(Stored items)
■ ■ ■ ■ ■ ■ ■

(* Let $M$ be a duplicial module in a pre-additive category. For all $n\ge0$, $$\pi_n=(1-b_{n+1}d_n)^{n+1}(1-d_{n-1}b_n)^n .$$
   Context: Let $\mathcal A$ be a pre-additive category. Let $\Lambda_+$ be the category with objects $[n]$, $n\ge0$, where $\Lambda_+([m],[n])$ is the set of weakly monotone $f:\mathbb Z\to\mathbb Z$ with $f(j+m+1)=f(j)+n+1$ for all $j$ and $f(0)\ge0$. Define $\varepsilon^n_i:[n-1]\to[n]$ ($n\ge1$, $0\le i\le n$) by $\varepsilon^n_i(j)=j$ for $0\le j<i$, $j+1$ for $i\le j\le n-1$, and $\eta^n_i:[n+1]\to[n]$ ($0\le i\le n+1$) by $\eta^n_i(j)=j$ for $0\le j\le i$, $j-1$ for $i<j\le n+1$. A duplicial module is a functor $M:\Lambda_+^{op}\to\mathcal A$; $M_n=M([n])$, $\partial_{n,i}=M(\varepsilon^n_i):M_n\to M_{n-1}$, $s_{n,i}=M(\eta^n_i):M_n\to M_{n+1}$. Convention $M_{-1}=0$, maps into/out of it zero. Define $b_n=\sum_{i=0}^n(-1)^i\partial_{n,i}$ ($b_0=0$), $d_n=\sum_{i=0}^{n+1}(-1)^is_{n,i}$ ($d_{-1}=0$), the Karoubi operator $\kappa_n=(-1)^n(\partial_{n+1,0}s_{n,n+1}-s_{n-1,n}\partial_{n,0})$ (so $\kappa_0=\partial_{1,0}s_{0,1}$), and the Dwyer–Kan operator $\pi_n=(-1)^n\partial_{n+1,0}\kappa_{n+1}^n s_{n,n+1}$. *)

From HB Require Import structures.
From mathcomp Require Import all_boot all_order all_algebra.
Set Implicit Arguments. Unset Strict Implicit. Unset Printing Implicit Defensive.
Import Order.TTheory GRing.Theory Num.Theory.
Local Open Scope ring_scope.

(** Pre-additive category: hom-sets are abelian groups (zmodType) and
    composition is bilinear. [hcomp g f] is g ∘ f. *)
Record PreAdditive := {
  Obj : Type;
  Hom : Obj -> Obj -> zmodType;
  idm : forall X, Hom X X;
  hcomp : forall X Y Z, Hom Y Z -> Hom X Y -> Hom X Z;
  hcompA : forall X Y Z W (h : Hom Z W) (g : Hom Y Z) (f : Hom X Y),
      hcomp h (hcomp g f) = hcomp (hcomp h g) f;
  hcomp1m : forall X Y (f : Hom X Y), hcomp (idm Y) f = f;
  hcompm1 : forall X Y (f : Hom X Y), hcomp f (idm X) = f;
  hcompDl : forall X Y Z (g1 g2 : Hom Y Z) (f : Hom X Y),
      hcomp (g1 + g2) f = hcomp g1 f + hcomp g2 f;
  hcompDr : forall X Y Z (g : Hom Y Z) (f1 f2 : Hom X Y),
      hcomp g (f1 + f2) = hcomp g f1 + hcomp g f2
}.
Arguments Hom : clear implicits.
Arguments Obj : clear implicits.
Arguments idm {_}.
Arguments hcomp {_ X Y Z}.

(** Morphisms [m] -> [n] of Lambda_+ : weakly monotone f : Z -> Z with
    f(j+m+1) = f(j)+n+1 and f(0) >= 0. *)
Definition isLam (m n : nat) (f : int -> int) : Prop :=
  (forall x y : int, x <= y -> f x <= f y) /\
  (forall j : int, f (j + (m.+1)%:Z) = f j + (n.+1)%:Z) /\
  0 <= f 0.
Lemma diagonal_edge (e : {set V3}) : diagonal e -> exists2 p, p \in diag_reps & e = edge p.
Proof.
case=> i [j [k [l [+ jl ->]]]]; rewrite -val_eqE neq_ltn => /orP[ik|ki].
- by exists ((i, j), (k, l)); rewrite // mem_diag_reps ik.
- by exists ((k, l), (i, j)); rewrite ?mem_diag_reps ?ki 1?eq_sym // /edge setUC.
Qed.

Lemma edges_diagonal (E : {set {set V3}}) :
  (forall e, e \in E -> diagonal e) -> E = edges [seq p <- diag_reps | edge p \in E].
Proof.
move=> diagE; apply/setP => e; rewrite inE; apply/idP/mapP => [Ee | [p]].
- by have [p pD eE] := diagonal_edge (diagE e Ee); exists p; rewrite // mem_filter -eE Ee.
- by rewrite mem_filter => /andP[Ep _] ->.
Qed.

Lemma card_edges (s : seq (V3 * V3)) :
  uniq s -> {subset s <= diag_reps} -> #|edges s| = size s.
Proof.
move=> us sD; rewrite cardsE -(size_map edge); apply/card_uniqP.
by rewrite map_inj_in_uniq //; apply: sub_in2 edge_inj.
Qed.

Lemma grid_graph_edges (s : seq (V3 * V3)) :
  {subset s <= diag_reps} -> grid_graph (edges s).
Proof.
move=> sD e; rewrite inE => /mapP[p /sD]; rewrite mem_diag_reps => /andP[pr _] ->.
by rewrite cards2; case: eqP pr => // ->; rewrite ltnn.
Qed.

Definition incident (v : V3) (p : V3 * V3) : bool := (v == p.1) || (v == p.2).

Lemma mem_edge (v : V3) (p : V3 * V3) : (v \in edge p) = incident v p.
Proof. exact: in_set2. Qed.

Lemma degree_edges (s : seq (V3 * V3)) (v : V3) :
  uniq s -> {subset s <= diag_reps} -> degree (edges s) v = count (incident v) s.
Proof.
move=> us sD; rewrite -size_filter -card_edges ?filter_uniq //; last first.
  by move=> p; rewrite mem_filter => /andP[_ /sD].
apply: eq_card => e; rewrite !inE; apply/andP/mapP => [[/mapP[p ps ->] vp]|[p]].
- by exists p; rewrite // mem_filter ps andbT -mem_edge.
- by rewrite mem_filter => /andP[vp ps] ->; rewrite map_f ?mem_edge.
Qed.

Definition degree_criterionb (s : seq (V3 * V3)) : bool :=
  all (fun v => count (incident v) s == count (incident v) (map partner s)) grid.

Lemma degree_criterionP (s : seq (V3 * V3)) :
  uniq s -> {subset s <= diag_reps} ->
  reflect (degree_criterion (edges s)) (degree_criterionb s).
Proof.
move=> us sD; have ups : uniq (map partner s) by rewrite (map_inj_uniq (inv_inj partnerK)).
have psD : {subset map partner s <= diag_reps}.
  by move=> _ /mapP[p /sD pD ->]; apply: partner_diag.
rewrite /degree_criterion ptrans_edges; apply: (iffP allP) => dc v.
- by rewrite !degree_edges //; apply/eqP/dc/mem_grid.
- by rewrite -!degree_edges // dc.
Qed.

Definition grid_vertex (i j : nat) : V3 := (nth ord0 ord3 i.-1, nth ord0 ord3 j.-1).

Lemma gvE (i j : nat) : i.-1 < 3 -> j.-1 < 3 -> gv i j = grid_vertex i j.
Proof.
have inordE k : k < 3 -> inord k = nth ord0 ord3 k.
  by move=> k3; apply: val_inj; rewrite /= inordK //; case: k k3 => [|[|[|]]].
by move=> i3 j3; rewrite /gv !inordE.
Qed.

Definition b4_reps : seq (V3 * V3) :=
  [:: (grid_vertex 1 1, grid_vertex 2 3); (grid_vertex 2 1, grid_vertex 3 3);
      (grid_vertex 1 2, grid_vertex 3 1); (grid_vertex 1 3, grid_vertex 3 2)].

Lemma B4_edges : B4 = edges b4_reps.
Proof. by rewrite /B4 !gvE //; apply/setP => e; rewrite !inE !orbA. Qed.

Lemma b4_reps_diag : uniq b4_reps && all (mem diag_reps) b4_reps.
Proof. by vm_compute. Qed.

Lemma card_B4 : #|B4| = 4.
Proof.
by have /andP[u /allP sD] := b4_reps_diag; rewrite B4_edges card_edges.
Qed.

Lemma grid_graph_B4 : grid_graph B4.
Proof.
by have /andP[_ /allP sD] := b4_reps_diag; rewrite B4_edges; apply: grid_graph_edges.
Qed.

Lemma degree_criterion_B4 : degree_criterion B4.
Proof.
have /andP[u /allP sD] := b4_reps_diag.
by rewrite B4_edges; apply/degree_criterionP => //; vm_compute.
Qed.

Definition seq_fun (t : seq 'I_3) (i : 'I_3) : 'I_3 := nth i t i.

Lemma seq_fun_inj (t : seq 'I_3) : t \in permutations ord3 -> injective (seq_fun t).
Proof.
rewrite mem_permutations => tP i j; have t3 : size t = 3 by rewrite (perm_size tP).
rewrite /seq_fun !(set_nth_default ord0) ?t3 // => /eqP.
by rewrite nth_uniq ?t3 ?(perm_uniq tP) // => /eqP/val_inj.
Qed.

Definition same_edge (p q : V3 * V3) : bool := (p == q) || (p == (q.2, q.1)).

Lemma eq_edge (p q : V3 * V3) : (edge p == edge q) = same_edge p q.
Proof. by case: p q => [a b] [c d]; rewrite /edge eq_set2 /same_edge !xpair_eqE. Qed.

Definition locally_B4b (s : seq (V3 * V3)) : bool :=
  has (fun t => has (fun u =>
    let phi := grid_map (seq_fun t) (seq_fun u) in
    all (fun p => has (same_edge (phi p.1, phi p.2)) b4_reps) s)
  (permutations ord3)) (permutations ord3).

Lemma locally_B4b_sound (s : seq (V3 * V3)) :
  uniq s -> {subset s <= diag_reps} -> size s = 4 ->
  locally_B4b s -> locally_isomorphic (edges s) B4.
Proof.
move=> us sD s4 /hasP[t tP /hasP[u uP /allP phiB4]].
set phi := grid_map (seq_fun t) (seq_fun u).
have phi_inj : injective phi by apply: grid_map_inj; apply: seq_fun_inj.
have B4E : B4 = [set phi @: e | e : {set V3} in edges s].
  apply/esym/eqP; rewrite eqEcard card_imset; last exact: imset_inj.
  rewrite card_edges // card_B4 s4 leqnn andbT.
  apply/subsetP => _ /imsetP[e + ->]; rewrite inE => /mapP[p ps ->].
  have /hasP[q qB4] := phiB4 p ps; rewrite -eq_edge => /eqP phi_pq.
  rewrite B4_edges inE imset_set2; change (edge (phi p.1, phi p.2) \in map edge b4_reps).
  by rewrite phi_pq map_f.
exists (perm (seq_fun_inj tP)), (perm (seq_fun_inj uP)) => i j k l.
by rewrite !permE; apply: (imset_two_sets phi_inj B4E (i, j) (k, l)).
Qed.

Definition cross_pairb (s : seq (V3 * V3)) : bool :=
  has (fun p => has (fun q => perm_eq s [:: p; partner p; q; partner q]) s) s.

Lemma criss_cross_partner (p : V3 * V3) :
  p \in diag_reps -> criss_cross [set edge p; edge (partner p)].
Proof.
case: p => [[i j] [k l]]; rewrite mem_diag_reps => /andP[ik jl].
by exists i, j, k, l; split; rewrite // -val_eqE neq_ltn ik.
Qed.

Lemma cross_pairb_sound (s : seq (V3 * V3)) :
  uniq s -> {subset s <= diag_reps} -> cross_pairb s ->
  exists C1 C2 : {set {set V3}},
    [/\ criss_cross C1, criss_cross C2, [disjoint C1 & C2] & edges s = C1 :|: C2].
Proof.
move=> us sD /hasP[p ps /hasP[q qs sP]].
have uE : uniq [:: edge p; edge (partner p); edge q; edge (partner q)].
  rewrite -[X in uniq X]/(map edge [:: p; partner p; q; partner q]).
  rewrite map_inj_in_uniq -?(perm_uniq sP) //.
  by apply: sub_in2 edge_inj => r; rewrite -(perm_mem sP) => /sD.
exists [set edge p; edge (partner p)], [set edge q; edge (partner q)].
split; [exact/criss_cross_partner/sD | exact/criss_cross_partner/sD | |].
- move: uE; rewrite /= !inE !negb_or => /and4P[/and3P[_ ac ad] /andP[bc bd] _ _].
  rewrite -setI_eq0; apply/eqP/setP => e; rewrite !inE.
  apply/negbTE/negP => /andP[/orP[]/eqP-> /orP[]/eqP pq].
  + by move: ac; rewrite pq eqxx.
  + by move: ad; rewrite pq eqxx.
  + by move: bc; rewrite pq eqxx.
  + by move: bd; rewrite pq eqxx.
- apply/setP => e; rewrite inE (perm_mem (perm_map edge sP)).
  by rewrite !inE orbA.
Qed.

Lemma ptrans_edges_closed (s : seq (V3 * V3)) :
  {in s, forall p, partner p \in s} -> ptrans (edges s) = edges s.
Proof.
move=> closed; have partner_s : map partner s =i s.
  move=> r; apply/mapP/idP => [[p /closed pr ->] // | rs].
  by exists (partner r); rewrite ?partnerK ?closed.
by rewrite ptrans_edges; apply/setP => e; rewrite !inE (eq_mem_map edge partner_s).
Qed.

Lemma criss_cross_edges (C : {set {set V3}}) :
  criss_cross C -> exists p, C = [set edge p; edge (partner p)].
Proof. by case=> i [j [k [l [_ _ ->]]]]; exists ((i, j), (k, l)). Qed.

Lemma ptrans_cross_union (C1 C2 : {set {set V3}}) :
  criss_cross C1 -> criss_cross C2 -> ptrans (C1 :|: C2) = C1 :|: C2.
Proof.
move=> /criss_cross_edges[p ->] /criss_cross_edges[q ->].
have -> : [set edge p; edge (partner p)] :|: [set edge q; edge (partner q)] =
          edges [:: p; partner p; q; partner q].
  by apply/setP => e; rewrite !inE /= -!orbA.
apply: (@ptrans_edges_closed [:: p; partner p; q; partner q]) => r.
by rewrite !inE => /or4P[] /eqP->; rewrite ?partnerK eqxx ?orbT.
Qed.

Lemma diagonal_4_classification :
  all (fun s => locally_B4b s || cross_pairb s)
      [seq s <- subseqs_of_size 4 diag_reps | degree_criterionb s].
Proof. by vm_compute. Qed.

Theorem mainTheorem13 (E : {set {set V3}}) :
  grid_graph E -> #|E| = 4 -> (forall e, e \in E -> diagonal e) ->
  (degree_criterion E <->
     (locally_isomorphic E B4 \/
      exists C1 C2 : {set {set V3}},
        [/\ criss_cross C1, criss_cross C2, [disjoint C1 & C2] & E = C1 :|: C2])).
Proof.
move=> gE E4 diagE; set s := [seq p <- diag_reps | edge p \in E].
have sD : {subset s <= diag_reps} by move=> p; rewrite mem_filter => /andP[].
have us : uniq s by rewrite filter_uniq ?uniq_diag_reps.
have Es : E = edges s := edges_diagonal diagE.
have s4 : size s = 4 by rewrite -card_edges // -Es.
split=> [dcE | [liE | [C1 [C2 [c1 c2 _ ->]]]]].
- have : s \in [seq t <- subseqs_of_size 4 diag_reps | degree_criterionb t].
    rewrite mem_filter -s4 mem_subseqs_of_size ?filter_subseq // andbT.
    by apply/degree_criterionP; rewrite // -Es.
  case/(allP diagonal_4_classification)/orP.
  + by move/(locally_B4b_sound us sD s4); rewrite -Es; left.
  + by move/(cross_pairb_sound us sD); rewrite -Es; right.
- exact: locally_isomorphic_degree_criterion gE grid_graph_B4 liE degree_criterion_B4.
- by move=> v; rewrite ptrans_cross_union.
Qed.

■ ■ ■ ■ ■ ■ ■

- **PROBLEM REQUIREMENTS**:
With the line that has "rewrite /seq_fun !(set_nth_default" as the first and the line that has "size s = 4 ->" as the last, repeat exactly that run of lines above and no more.

- **TASK ANSWER**:
rewrite /seq_fun !(set_nth_default ord0) ?t3 // => /eqP.
by rewrite nth_uniq ?t3 ?(perm_uniq tP) // => /eqP/val_inj.
Qed.

Definition same_edge (p q : V3 * V3) : bool := (p == q) || (p == (q.2, q.1)).

Lemma eq_edge (p q : V3 * V3) : (edge p == edge q) = same_edge p q.
Proof. by case: p q => [a b] [c d]; rewrite /edge eq_set2 /same_edge !xpair_eqE. Qed.

Definition locally_B4b (s : seq (V3 * V3)) : bool :=
  has (fun t => has (fun u =>
    let phi := grid_map (seq_fun t) (seq_fun u) in
    all (fun p => has (same_edge (phi p.1, phi p.2)) b4_reps) s)
  (permutations ord3)) (permutations ord3).

Lemma locally_B4b_sound (s : seq (V3 * V3)) :
  uniq s -> {subset s <= diag_reps} -> size s = 4 ->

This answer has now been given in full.